また、図7に示すように隣接する2つのノズル群51の間には、領域61が各ノズル群51の一斜辺に沿ってそれぞれ存在している。各領域61内には、ノズル群51の一斜辺方向に沿って互いに離隔した5つの領域62a〜62eが存在している。これら領域62内には、ノズルプレート30にノズル8が形成されるときに形成されたものであって、個別インク流路7と連通しないダミーノズルとなるダミー孔18(図7中黒丸で示す孔)が形成されている。これらダミー孔18は、各ノズル列組53の2つのノズル列52のうち、図7中上側に位置するノズル列52を構成する複数のノズル8と配列方向Aにおいて連続するように1つずつ形成されている。そのため、ダミー孔18は、5つの領域62のうち、ノズル群51の一斜辺方向の両端に位置する2つの領域62a,62e内の各々には、ダミー孔18が1つ形成されている。一方、領域62a,62e以外の3つの領域62b〜62dの各々には、ダミー孔18が2つ形成されている。したがって、1つのノズル群51に係わる複数のダミー孔18は、合計8個形成されていることになる。なお、本実施の形態において、複数のダミー孔18のうち、図7中左側のノズル群51(全体が図示されている方のノズル群51)を構成するノズル列52のノズル8と連続する8個のダミー孔18は、図7中左側のノズル群51の左側斜辺と長辺とを2辺とした平行四辺形領域からノズル群51の台形領域を除くことで形成される三角形領域Z1(図6中に図示)内に形成されているとともに、図7中右側のノズル群51を構成するノズル列52のノズル8と連続する8個のダミー孔18は、図7中右側のノズル群51(全体が図示されていない方のノズル群51)の右側斜辺と長辺とを2辺とした平行四辺形領域からノズル群51の台形領域を除くことで形成される三角形領域Z2(図6中に図示)内に形成されている。このように1つのノズル群51に係わる8個のダミー孔18が、各ノズル群51に係わる三角形領域Z1,Z2内に形成されていることで、2つの領域61も、その三角形領域Z1,Z2内に存在し、且つ領域61の面積が三角形領域Z1,Z2より小さくなっている。
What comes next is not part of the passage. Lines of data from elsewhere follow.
Definition vsub {X : NSpace F} (x y : X) : X := vadd x (vopp y).

Definition is_banach (X : NSpace F) : Prop :=
  (forall x y z : X, vadd x (vadd y z) = vadd (vadd x y) z) /\
  (forall x y : X, vadd x y = vadd y x) /\
  (forall x : X, vadd x (vzero X) = x) /\
  (forall x : X, vadd x (vopp x) = vzero X) /\
  (forall (c : F) (x y : X), vscal c (vadd x y) = vadd (vscal c x) (vscal c y)) /\
  (forall (c d : F) (x : X), vscal (sadd F c d) x = vadd (vscal c x) (vscal d x)) /\
  (forall (c d : F) (x : X), vscal (smul F c d) x = vscal c (vscal d x)) /\
  (forall x : X, vscal (s1 F) x = x) /\
  (forall x : X, 0 <= vnorm x) /\
  (forall x : X, vnorm x = 0 -> x = vzero X) /\
  (forall (c : F) (x : X), vnorm (vscal c x) = sabs F c * vnorm x) /\
  (forall x y : X, vnorm (vadd x y) <= vnorm x + vnorm y) /\
  (forall u : nat -> X,
     (forall eps, 0 < eps -> exists N, forall m n, (N <= m)%nat -> (N <= n)%nat ->
        vnorm (vsub (u m) (u n)) < eps) ->
     exists l : X, forall eps, 0 < eps -> exists N, forall n, (N <= n)%nat ->
        vnorm (vsub (u n) l) < eps).

Definition lsum {X : NSpace F} (l : list X) : X := fold_right vadd (vzero X) l.

Definition in_span {X : NSpace F} (l : list X) (x : X) : Prop :=
  exists cs : list F, length cs = length l /\
    x = lsum (map (fun p => vscal (fst p) (snd p)) (combine cs l)).

Definition is_subspace {X : NSpace F} (P : X -> Prop) : Prop :=
  P (vzero X) /\ (forall x y, P x -> P y -> P (vadd x y)) /\
  (forall c x, P x -> P (vscal c x)).

Definition finite_dim {X : NSpace F} (P : X -> Prop) : Prop :=
  exists l : list X, forall x, P x <-> in_span l x.

Definition is_filtration {A : NSpace F} (V : nat -> A -> Prop) : Prop :=
  (forall n, is_subspace (V n) /\ finite_dim (V n)) /\
  (forall n x, V n x -> V (S n) x) /\
  (forall n, exists x, V (S n) x /\ ~ V n x) /\
  (forall x eps, 0 < eps -> exists n y, V n y /\ vnorm (vsub x y) < eps).

Definition tsum {A B X : NSpace F} (t : A -> B -> X) (l : list (A * B)) : X :=
  fold_right (fun p acc => vadd (t (fst p) (snd p)) acc) (vzero X) l.

Definition is_linear_functional {X : NSpace F} (f : X -> F) : Prop :=
  (forall x y, f (vadd x y) = sadd F (f x) (f y)) /\
  (forall c x, f (vscal c x) = smul F c (f x)).

Definition bounded_by {X : NSpace F} (f : X -> F) (M : R) : Prop :=
  forall x, sabs F (f x) <= M * vnorm x.

Definition fgsum {A B : NSpace F} (f : A -> F) (g : B -> F) (l : list (A * B)) : F :=
  fold_right (fun p acc => sadd F (smul F (f (fst p)) (g (snd p))) acc) (s0 F) l.

Definition is_bilinear {A B X : NSpace F} (t : A -> B -> X) : Prop :=
  (forall a a' b, t (vadd a a') b = vadd (t a b) (t a' b)) /\
  (forall c a b, t (vscal c a) b = vscal c (t a b)) /\
  (forall a b b', t a (vadd b b') = vadd (t a b) (t a b')) /\
  (forall c a b, t a (vscal c b) = vscal c (t a b)).

(** X with t : A x B -> X is the completion A ⊗^_α B for a reasonable
    crossnorm α: X is Banach, t is bilinear, α(a⊗b) <= |a||b|, the dual
    condition α*(f⊗g) <= |f||g| holds, and span{t a b} is dense in X. *)
Definition is_tensor_completion {A B X : NSpace F} (t : A -> B -> X) : Prop :=
  is_banach X /\ is_bilinear t /\
  (forall a b, vnorm (t a b) <= vnorm a * vnorm b) /\
  (forall (f : A -> F) (g : B -> F) (M N : R),
     is_linear_functional f -> is_linear_functional g ->
     bounded_by f M -> bounded_by g N ->
     forall l, sabs F (fgsum f g l) <= M * N * vnorm (tsum t l)) /\
  (forall x : X, forall eps, 0 < eps -> exists l, vnorm (vsub x (tsum t l)) < eps).

Definition in_VnB {A B X : NSpace F} (V : nat -> A -> Prop) (t : A -> B -> X)
  (n : nat) (h : X) : Prop :=
  exists l : list (A * B), Forall (fun p => V n (fst p)) l /\ h = tsum t l.

Definition rpow (a p : R) : R := if Rle_dec a 0 then 0 else Rpower a p.

Definition scale_function (phi : nat -> R) : Prop :=
  (forall n, 0 < phi n) /\ (forall n, phi (S n) <= phi n) /\ Un_cv phi 0.

(** 𝔅_φ(Q) = {x : liminf_n (E_n x)^{φ n} < 1}, with
    E_n x = inf_{h ∈ V_n⊗B} |x - h|.  Unfolded: there is r < 1 such that
    for infinitely many n, (E_n x)^{φ n} < r, i.e. some h ∈ V_n⊗B has
    |x-h|^{φ n} < r. *)
Definition Bphi {A B X : NSpace F} (V : nat -> A -> Prop) (t : A -> B -> X)
  (phi : nat -> R) (x : X) : Prop :=
  exists r, r < 1 /\ forall N, exists n, (N <= n)%nat /\
    exists h, in_VnB V t n h /\ rpow (vnorm (vsub x h)) (phi n) < r.

Definition is_banach_algebra (X : NSpace F) (m : X -> X -> X) : Prop :=
  is_banach X /\
  (forall x y z, m x (m y z) = m (m x y) z) /\
  (forall x y z, m x (vadd y z) = vadd (m x y) (m x z)) /\
  (forall x y z, m (vadd x y) z = vadd (m x z) (m y z)) /\
  (forall c x y, vscal c (m x y) = m (vscal c x) y) /\
  (forall c x y, vscal c (m x y) = m x (vscal c y)) /\
  (forall x y, vnorm (m x y) <= vnorm x * vnorm y).

Definition is_unit {X : NSpace F} (m : X -> X -> X) (e : X) : Prop :=
  forall x, m e x = x /\ m x e = x.

Definition is_unital_banach_algebra (X : NSpace F) (m : X -> X -> X) (e : X) : Prop :=
  is_banach_algebra X m /\ is_unit m e /\ vnorm e = 1.

Definition inverse_pair {X : NSpace F} (m : X -> X -> X) (e x y : X) : Prop :=
  m x y = e /\ m y x = e.

Definition invertible {X : NSpace F} (m : X -> X -> X) (e x : X) : Prop :=
  exists y, inverse_pair m e x y.

End Defs.

(** Let U_N be the set of points within distance (1/2)^(1/φ(n)) of V_n ⊗ B for
    some n ≥ N.  Each U_N is open, and dense because the V_n increase and
    ⋃_n V_n ⊗ B is dense; a point lying in every U_N has
    liminf_n E_n(x)^φ(n) ≤ 1/2, so it belongs to 𝔅_φ(Q).  By Baire's theorem,
    for countably many self-homeomorphisms f_i of a nonempty open W ⊆ X some
    w ∈ W has f_i(w) ∈ 𝔅_φ(Q) for all i.  For (1) take W = X with w ↦ w and
    w ↦ x − w; for (2) take W the group of units with w ↦ w, w⁻¹, x w⁻¹, w x⁻¹,
    and put x₁ = x w⁻¹, x₂ = w. *)

From Stdlib Require Import Reals List Lra Lia ClassicalEpsilon.
From Stdlib Require Cantor.
Open Scope R_scope.

(* The axioms of [is_banach] only speak of scaling, so [vnorm (vopp x) = vnorm x]
   and [vnorm (vzero X) = 0] are obtained through a scalar [c = -1] with [|c| = 1]. *)
Definition signed_scalars (F : Scalars) : Prop :=
  exists c, sadd F c (s1 F) = s0 F /\ sadd F (s0 F) (s0 F) = s0 F /\
            sabs F c = 1 /\ sabs F (s0 F) = 0.

Lemma signed_scalars_RC (F : Scalars) : F = RF \/ F = CF -> signed_scalars F.
Proof.
  intros [-> | ->].
  - exists (-1). simpl. repeat split; try ring.
    + unfold Rabs; destruct Rcase_abs; lra.
    + apply Rabs_R0.
  - exists (-1, -0). simpl. repeat split; try (f_equal; ring).
    + match goal with |- sqrt ?a = _ => replace a with 1 by ring end; apply sqrt_1.
    + match goal with |- sqrt ?a = _ => replace a with 0 by ring end; apply sqrt_0.
Qed.

Lemma Rle_forall_eps (a b : R) : (forall eps, 0 < eps -> a <= b + eps) -> a <= b.
Proof.
  intros H. destruct (Rle_dec a b) as [h|h]; auto.
  specialize (H ((a - b) / 2)). lra.
Qed.

Lemma Rmult_lt_eps (a b eps : R) :
  0 <= a -> 0 <= b -> 0 < eps -> b < eps / (a + 1) -> a * b < eps.
Proof.
  intros Ha Hb He H.
  apply Rmult_lt_compat_r with (r := a + 1) in H; [|lra].
  replace (eps / (a + 1) * (a + 1)) with eps in H by (field; lra). nra.
Qed.

Lemma half_pow_small (K eps : R) : 0 <= K -> 0 < eps -> exists n, K * (1/2) ^ n < eps.
Proof.
  intros HK He.
  destruct (pow_lt_1_zero (1/2)) with (y := eps / (K + 1)) as [N HN].
  { rewrite Rabs_right; lra. }
  { apply Rdiv_lt_0_compat; lra. }
  exists N. specialize (HN N (le_n N)).
  rewrite Rabs_right in HN by (apply Rle_ge, pow_le; lra).
  apply Rmult_lt_eps; auto. apply pow_le; lra.
Qed.

Existing Class is_banach.
Existing Class signed_scalars.

Section NormedSpace.
Context {F : Scalars} {X : NSpace F} {HX : is_banach X} {HF : signed_scalars F}.

Lemma vaddA (x y z : X) : vadd x (vadd y z) = vadd (vadd x y) z.
Proof. destruct HX as (H&_); auto. Qed.
Lemma vaddC (x y : X) : vadd x y = vadd y x.
Proof. destruct HX as (_&H&_); auto. Qed.
Lemma vadd0 (x : X) : vadd x (vzero X) = x.
Proof. destruct HX as (_&_&H&_); auto. Qed.
Lemma vaddN (x : X) : vadd x (vopp x) = vzero X.
Proof. destruct HX as (_&_&_&H&_); auto. Qed.
Lemma vscalDl (c d : F) (x : X) : vscal (sadd F c d) x = vadd (vscal c x) (vscal d x).
Proof. destruct HX as (_&_&_&_&_&H&_); auto. Qed.
Lemma vscal1 (x : X) : vscal (s1 F) x = x.
Proof. destruct HX as (_&_&_&_&_&_&_&H&_); auto. Qed.
Lemma vnorm_ge0 (x : X) : 0 <= vnorm x.
Proof. destruct HX as (_&_&_&_&_&_&_&_&H&_); auto. Qed.
Lemma vnorm_eq0 (x : X) : vnorm x = 0 -> x = vzero X.
Proof. destruct HX as (_&_&_&_&_&_&_&_&_&H&_); auto. Qed.
Lemma vnormZ (c : F) (x : X) : vnorm (vscal c x) = sabs F c * vnorm x.
Proof. destruct HX as (_&_&_&_&_&_&_&_&_&_&H&_); auto. Qed.
Lemma vnormD (x y : X) : vnorm (vadd x y) <= vnorm x + vnorm y.
Proof. destruct HX as (_&_&_&_&_&_&_&_&_&_&_&H&_); auto. Qed.
Lemma vcomplete (u : nat -> X) :
  (forall eps, 0 < eps -> exists N, forall m n, (N <= m)%nat -> (N <= n)%nat ->
     vnorm (vsub (u m) (u n)) < eps) ->
  exists l : X, forall eps, 0 < eps -> exists N, forall n, (N <= n)%nat ->
     vnorm (vsub (u n) l) < eps.
Proof. destruct HX as (_&_&_&_&_&_&_&_&_&_&_&_&H); auto. Qed.

Lemma vadd0l (x : X) : vadd (vzero X) x = x.
Proof. rewrite vaddC; apply vadd0. Qed.

Lemma vaddIr (a b c : X) : vadd a c = vadd b c -> a = b.
Proof.
  intros H. rewrite <- (vadd0 a), <- (vadd0 b), <- (vaddN c), !vaddA, H. reflexivity.
Qed.

Lemma vopp_unique (a b : X) : vadd a b = vzero X -> b = vopp a.
Proof.
  intros H. rewrite <- (vadd0 b), <- (vaddN a), vaddA, (vaddC b a), H, vadd0l.
  reflexivity.
Qed.

Lemma voppK (a : X) : vopp (vopp a) = a.
Proof. symmetry; apply vopp_unique. rewrite vaddC; apply vaddN. Qed.

Lemma voppD (a b : X) : vopp (vadd a b) = vadd (vopp a) (vopp b).
Proof.
  symmetry; apply vopp_unique.
  rewrite <- vaddA, (vaddC (vopp a) (vopp b)), (vaddA b), vaddN, vadd0l, vaddN.
  reflexivity.
Qed.

Lemma vsubv (a : X) : vsub a a = vzero X.
Proof. apply vaddN. Qed.

Lemma vsub_trans (a b c : X) : vadd (vsub a b) (vsub b c) = vsub a c.
Proof.
  unfold vsub. rewrite <- vaddA, (vaddA (vopp b)), (vaddC (vopp b) b), vaddN, vadd0l.
  reflexivity.
Qed.

Lemma vaddKsub (a b : X) : vadd b (vsub a b) = a.
Proof. unfold vsub. rewrite (vaddC a), vaddA, vaddN, vadd0l. reflexivity. Qed.

Lemma vsubK (a b : X) : vadd (vsub a b) b = a.
Proof. rewrite vaddC. apply vaddKsub. Qed.

Lemma vsubBB (e p q : X) : vsub (vsub e p) (vsub e q) = vsub q p.
Proof.
  unfold vsub. rewrite voppD, voppK, <- vaddA, (vaddA (vopp p)), (vaddC (vopp p)),
    <- vaddA, vaddA, vaddN, vadd0l, vaddC. reflexivity.
Qed.

Lemma vsubKr (e q : X) : vsub e (vsub e q) = q.
Proof. unfold vsub. rewrite voppD, voppK, vaddA, vaddN, vadd0l. reflexivity. Qed.

Lemma vsubDD (a b c d : X) :
  vsub (vadd a b) (vadd c d) = vadd (vsub a c) (vsub b d).
Proof.
  unfold vsub. rewrite voppD, <- !vaddA. f_equal.
  rewrite !vaddA. f_equal. apply vaddC.
Qed.

Lemma vsub_eq0 (a b : X) : vsub a b = vzero X -> a = b.
Proof. intros H. rewrite <- (vaddKsub a b), H, vadd0. reflexivity. Qed.

Lemma vscal0 (x : X) : vscal (s0 F) x = vzero X.
Proof.
  destruct HF as (c & _ & H00 & _).
  apply (vaddIr _ _ (vscal (s0 F) x)). rewrite <- vscalDl, H00, vadd0l. reflexivity.
Qed.

Lemma vnorm0 : vnorm (vzero X) = 0.
Proof.
  destruct HF as (c & _ & _ & _ & H0).
  rewrite <- (vscal0 (vzero X)), vnormZ, H0. ring.
Qed.

Lemma vnormN (x : X) : vnorm (vopp x) = vnorm x.
Proof.
  destruct HF as (c & Hc1 & _ & Hc & _).
  assert (E : vscal c x = vopp x).
  { apply vopp_unique.
    transitivity (vadd (vscal c x) (vscal (s1 F) x)).
    - rewrite vscal1. apply vaddC.
    - rewrite <- vscalDl, Hc1. apply vscal0. }
  rewrite <- E, vnormZ, Hc. ring.
Qed.

Lemma vnorm_subC (a b : X) : vnorm (vsub a b) = vnorm (vsub b a).
Proof.
  rewrite <- vnormN. f_equal. unfold vsub. rewrite voppD, voppK, vaddC. reflexivity.
Qed.

Lemma vnorm_sub_triangle (a b c : X) :
  vnorm (vsub a c) <= vnorm (vsub a b) + vnorm (vsub b c).
Proof. rewrite <- (vsub_trans a b c). apply vnormD. Qed.


Section GeometricCauchy.
Variables (u : nat -> X) (c : nat -> R).
Hypothesis u_step : forall m, vnorm (vsub (u (S m)) (u m)) <= c m.
Hypothesis c_half : forall m, c (S m) <= c m / 2.
Hypothesis c_ge0 : forall m, 0 <= c m.

Lemma geometric_antitone n m : (n <= m)%nat -> c m <= c n.
Proof. induction 1; [lra|]. specialize (c_half m); specialize (c_ge0 m); lra. Qed.

Lemma geometric_bound n : c n <= c 0%nat * (1/2) ^ n.
Proof. induction n; simpl; [lra|]. specialize (c_half n). lra. Qed.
また、図7中右側のノズル群51の斜辺近傍に形成されるダミー孔18は、図7中右側のノズル群51が左側のノズル群51と反対方向を向くように配置されているので、図7中左側のノズル群51の一斜辺近傍に形成された複数のダミー孔18が左右逆に形成された状態と同じ状態に形成される。図7に示すように隣接するノズル群51の2つの領域61同士は、方向Cについてオーバーラップするように配置されているので、隣接するノズル群51の斜辺同士を近づけることが可能となる。また、隣接する2つのノズル群51を方向Cにおいてオーバーラップするように配置することで、2つのノズル群51に属するすべてのノズル8を配列方向Aに延びる直線上に射影したときにすべての射影点を切れ目なく600dpiに相当する間隔で配列することが可能となる。これにより、隣接する2つのノズル群51が離れていても切れ目のない画像を形成することができる。以上の構成により、図7に示すように隣接するノズル群51同士をノズルプレート30の長手方向(配列方向A)において近づけつつ、ノズルプレート30の短手方向(方向C)において近づけることが可能になり、ノズルプレート30の長手方向及び短手方向の長さを小さくすることが可能になる。加えて、流路ユニット4に接着される4つのアクチュエータユニット21も隣接するアクチュエータユニット21の斜辺同士を近づけて配置することが可能になるので、流路ユニット4全体の平面領域を小さくすることが可能になり、インクジェットヘッド1の小型化を図ることができる。なお、ノズルプレート30にノズル8及びダミー孔18を形成する製造方法については後述する。以上の説明からわかるとおり、本実施の形態におけるインクジェットヘッド1は、平行に配列するノズル列52を複数有する、いわゆるマルチラインヘッドである。マルチラインヘッドは、複数のノズル列52に属するすべてのノズル8に関して、それら各々のノズル列方向における位置がすべて異なっていることが構成上の特徴である。そして、印字の際には、ノズル列52の各々を記録媒体上の一の直線上に対向するように順次位置決めしつつインクを吐出させるように制御する。これにより、ノズル列方向の解像度を高くするものである。
<流路ユニット全体の詳細>
図4に戻って、アクチュエータユニット21の貼付範囲内には、多数の圧力室10からなる圧力室群9が形成されている。圧力室群9は、アクチュエータユニット21の貼付範囲とほぼ同じ大きさの台形形状を有している。圧力室群9は、各アクチュエータユニット21について1つずつ形成されている。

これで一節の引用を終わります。